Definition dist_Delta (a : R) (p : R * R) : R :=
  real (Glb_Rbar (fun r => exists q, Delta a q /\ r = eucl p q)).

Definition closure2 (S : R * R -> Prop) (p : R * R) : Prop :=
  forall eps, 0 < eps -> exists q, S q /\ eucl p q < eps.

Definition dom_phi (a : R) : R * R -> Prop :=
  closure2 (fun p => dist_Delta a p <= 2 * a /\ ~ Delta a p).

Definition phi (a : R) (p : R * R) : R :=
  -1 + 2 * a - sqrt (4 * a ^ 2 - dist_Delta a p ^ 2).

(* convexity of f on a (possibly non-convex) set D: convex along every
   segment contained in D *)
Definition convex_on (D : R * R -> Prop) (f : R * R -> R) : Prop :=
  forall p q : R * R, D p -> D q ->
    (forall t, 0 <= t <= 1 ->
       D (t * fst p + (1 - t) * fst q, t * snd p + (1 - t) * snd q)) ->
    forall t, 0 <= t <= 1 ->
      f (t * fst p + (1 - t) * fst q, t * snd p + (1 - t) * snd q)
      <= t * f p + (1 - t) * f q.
• • • • •
Among the lines above, which ones include the word "Definition"? Copy them.

Definition dist_Delta (a : R) (p : R * R) : R :=
Definition closure2 (S : R * R -> Prop) (p : R * R) : Prop :=
Definition dom_phi (a : R) : R * R -> Prop :=
Definition phi (a : R) (p : R * R) : R :=
Definition convex_on (D : R * R -> Prop) (f : R * R -> R) : Prop :=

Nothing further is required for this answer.